> [YOUR GOAL]: Would you return the lines from the one that contains "Lemma vertex_burke (u" to the last line of the entries below, exactly and with nothing added?

(Collected data)

↓

Lemma eq_ffun_card0 (aT : finType) (A : Type) (f g : {ffun aT -> A}) : #|aT| = 0%N -> f = g.
Proof. by move=> aT0; apply/ffunP => a; have := card0_eq aT0 a; rewrite inE. Qed.

Lemma big_ffun_card0 (R : nmodType) (aT T : finType) (F : {ffun aT -> T} -> R) f0 :
  #|aT| = 0%N -> \sum_(f : {ffun aT -> T}) F f = F f0.
Proof.
move=> aT0; rewrite (eq_bigr (fun _ => F f0)) => [|f _]; last by rewrite (eq_ffun_card0 f f0).
by rewrite sumr_const card_ffun aT0 expn0.
Qed.

Definition add_column x y (A : Type) (c : {ffun 'I_x * 'I_y -> A}) (col : {ffun 'I_y -> A})
  : {ffun 'I_x.+1 * 'I_y -> A} :=
  [ffun p => if insub (val p.1) is Some i then c (i, p.2) else col p.2].

Lemma add_column_widen x y (A : Type) (c : {ffun 'I_x * 'I_y -> A}) col (i : 'I_x) j :
  add_column c col (widen_ord (leqnSn x) i, j) = c (i, j).
Proof. by rewrite ffunE /= valK. Qed.

Lemma add_column_max x y (A : Type) (c : {ffun 'I_x * 'I_y -> A}) col j :
  add_column c col (ord_max, j) = col j.
Proof. by rewrite ffunE /= insubN // ltnn. Qed.

Lemma big_add_column (R : nmodType) x y (T : finType) (F : {ffun 'I_x.+1 * 'I_y -> T} -> R) :
  \sum_(g : {ffun 'I_x.+1 * 'I_y -> T}) F g =
  \sum_(c : {ffun 'I_x * 'I_y -> T}) \sum_(col : {ffun 'I_y -> T}) F (add_column c col).
Proof.
rewrite pair_bigA (reindex (fun p => add_column p.1 p.2)) //=.
exists (fun g => ([ffun p => g (widen_ord (leqnSn x) p.1, p.2)], [ffun j => g (ord_max, j)]))
  => [[c col] _ | g _].
  congr (_, _); apply/ffunP.
    by move=> [i j]; rewrite ffunE add_column_widen.
  by move=> j; rewrite ffunE add_column_max.
apply/ffunP => -[i j]; have [lt_ix | ge_ix] := ltnP i x.
  have -> : i = widen_ord (leqnSn x) (Ordinal lt_ix) by apply: val_inj.
  by rewrite add_column_widen ffunE.
have -> : i = ord_max by apply: val_inj; have := ltn_ord i; rewrite /=; lia.
by rewrite add_column_max ffunE.
Qed.

Lemma out_at_add_column x y (c : {ffun 'I_x * 'I_y -> bool * bool}) col i j :
  (i < x)%N -> out_at (add_column c col) i j = out_at c i j.
Proof.
move=> lt_ix; have -> : i = widen_ord (leqnSn x) (Ordinal lt_ix) by [].
by rewrite /out_at !valK; case: insub => // j'; rewrite add_column_widen.
Qed.

Lemma out_at_add_column_last x y (c : {ffun 'I_x * 'I_y -> bool * bool}) col j :
  out_at (add_column c col) x j = getf (false, false) col j.
Proof.
rewrite /out_at /getf -[x]/(val (@ord_max x)) valK.
by case: insub => // j'; rewrite add_column_max.
Qed.

Definition bern_prod (R : realType) (a : R) n (r : {ffun 'I_n -> bool}) : R :=
  \prod_(j < n) bern a (r j).

(* A column with bottom input [b] in which vertex [j] emits [o j] = (up, right);
   [column_below b o y] is the arrow leaving the column at the top. *)
Definition column_below y (b : bool) (o : {ffun 'I_y -> bool * bool}) (j : nat) : bool :=
  if j is j'.+1 then (getf (false, false) o j').1 else b.

Definition column_right y (o : {ffun 'I_y -> bool * bool}) : {ffun 'I_y -> bool} :=
  [ffun j => (o j).2].

Definition column_weight (R : realType) (d1 d2 : R) y (r : {ffun 'I_y -> bool}) (b : bool)
    (o : {ffun 'I_y -> bool * bool}) : R :=
  \prod_(j < y) vertex_weight d1 d2 (column_below b o j) (r j) (o j).1 (o j).2.

Lemma column_below_rcons y b (o : {ffun 'I_y -> bool * bool}) v j :
  (j <= y)%N -> column_below b (rcons_ffun o v) j = column_below b o j.
Proof. by case: j => //= j lt_jy; rewrite getf_rcons_ffun. Qed.

Lemma column_below_rcons_top y b (o : {ffun 'I_y -> bool * bool}) v :
  column_below b (rcons_ffun o v) y.+1 = v.1.
Proof. by rewrite /= getf_rcons_ffun_last. Qed.

Lemma column_right_rcons y (o : {ffun 'I_y -> bool * bool}) v :
  column_right (rcons_ffun o v) = rcons_ffun (column_right o) v.2.
Proof. by apply/ffunP => j; rewrite !ffunE /getf; case: insub => //= j'; rewrite ffunE. Qed.

Lemma column_weight_rcons (R : realType) (d1 d2 : R) y (r : {ffun 'I_y -> bool}) l b
    (o : {ffun 'I_y -> bool * bool}) v :
  column_weight d1 d2 (rcons_ffun r l) b (rcons_ffun o v) =
  column_weight d1 d2 r b o * vertex_weight d1 d2 (column_below b o y) l v.1 v.2.
Proof.
rewrite /column_weight big_ord_recr /= !rcons_ffun_max column_below_rcons //.
congr (_ * _); apply: eq_bigr => j _.
by rewrite !rcons_ffun_widen column_below_rcons // ltnW.
Qed.

Definition right_outputs x y (w : s6v_config x y) : {ffun 'I_y -> bool} :=
  [ffun j : 'I_y => in_left w x j].

Lemma right_outputs0 y (w : s6v_config 0 y) : right_outputs w = w.1.1.
Proof. by apply/ffunP => j; rewrite ffunE /= getfE. Qed.

Definition add_column_config x y (w : s6v_config x y) (b : bool)
    (col : {ffun 'I_y -> bool * bool}) : s6v_config x.+1 y :=
  (w.1.1, rcons_ffun w.1.2 b, add_column w.2 col).

Lemma big_s6v_config (R : nmodType) x y (F : s6v_config x y -> R) :
  \sum_(w : s6v_config x y) F w =
  \sum_(l : {ffun 'I_y -> bool}) \sum_(bb : {ffun 'I_x -> bool})
    \sum_(c : {ffun 'I_x * 'I_y -> bool * bool}) F (l, bb, c).
Proof.
transitivity (\sum_(lb : {ffun 'I_y -> bool} * {ffun 'I_x -> bool})
    \sum_(c : {ffun 'I_x * 'I_y -> bool * bool}) F (lb, c)).
  by rewrite pair_bigA; apply: eq_bigr => -[].
by rewrite [RHS]pair_bigA; apply: eq_bigr => -[].
Qed.

Lemma big_s6v_config_add_column (R : nmodType) x y (F : s6v_config x.+1 y -> R) :
  \sum_(w : s6v_config x.+1 y) F w =
  \sum_(w : s6v_config x y) \sum_(b : bool) \sum_(col : {ffun 'I_y -> bool * bool})
    F (add_column_config w b col).
Proof.
rewrite !big_s6v_config; apply: eq_bigr => l _.
rewrite big_rcons_ffun; apply: eq_bigr => bb _.
by under eq_bigr do rewrite big_add_column; rewrite exchange_big.
Qed.

Lemma in_left_add_column x y (w : s6v_config x y) b col i j :
  (i <= x)%N -> in_left (add_column_config w b col) i j = in_left w i j.
Proof. by case: i => //= i lt_ix; rewrite out_at_add_column. Qed.

Lemma in_below_add_column x y (w : s6v_config x y) b col (i : 'I_x) j :
  in_below (add_column_config w b col) (widen_ord (leqnSn x) i) j = in_below w i j.
Proof. by case: j => /= [|j]; rewrite ?getf_rcons_ffun ?out_at_add_column. Qed.

Lemma in_below_add_column_last x y (w : s6v_config x y) b col j :
  in_below (add_column_config w b col) x j = column_below b col j.
Proof. by case: j => /= [|j]; rewrite ?getf_rcons_ffun_last ?out_at_add_column_last. Qed.

Lemma right_outputs_add_column x y (w : s6v_config x y) b col :
  right_outputs (add_column_config w b col) = column_right col.
Proof. by apply/ffunP => j; rewrite !ffunE /= out_at_add_column_last getfE. Qed.

Lemma s6v_weight_add_column (R : realType) (d1 d2 a1 a2 : R) x y (w : s6v_config x y) b col :
  s6v_weight d1 d2 a1 a2 (add_column_config w b col) =
  s6v_weight d1 d2 a1 a2 w * bern a2 b * column_weight d1 d2 (right_outputs w) b col.
Proof.
have prod_pair n (F : 'I_n * 'I_y -> R) : \prod_p F p = \prod_(i < n) \prod_(j < y) F (i, j).
  by rewrite pair_bigA; apply: eq_bigr => -[].
rewrite /s6v_weight prod_rcons_ffun !prod_pair big_ord_recr.
under [X in _ * (X * _) = _]eq_bigr => i _ do under eq_bigr => j _ do
  rewrite in_below_add_column in_left_add_column ?leq_ord // add_column_widen.
under [X in _ * (_ * X) = _]eq_bigr => j _ do
  rewrite in_below_add_column_last in_left_add_column ?leq_ord // add_column_max.
rewrite /column_weight; under [X in _ = _ * X]eq_bigr do rewrite ffunE.
ring.
Qed.

Section Burke.

Variables (R : realType) (d1 d2 b1 b2 : R).
Hypothesis stationary : b1 * (1 - b2) * (1 - d2) = b2 * (1 - b1) * (1 - d1).

Lemma vertex_burke (u r : bool) :
  \sum_(t : bool) \sum_(l : bool) bern b2 t * bern b1 l * vertex_weight d1 d2 t l u r =
  bern b2 u * bern b1 r.
Proof. by have := stationary; rewrite !big_bool /=; case: u; case: r => /=; lra. Qed.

↑

> [WRITTEN RESPONSE]:
Lemma vertex_burke (u r : bool) :
  \sum_(t : bool) \sum_(l : bool) bern b2 t * bern b1 l * vertex_weight d1 d2 t l u r =
  bern b2 u * bern b1 r.
Proof. by have := stationary; rewrite !big_bool /=; case: u; case: r => /=; lra. Qed.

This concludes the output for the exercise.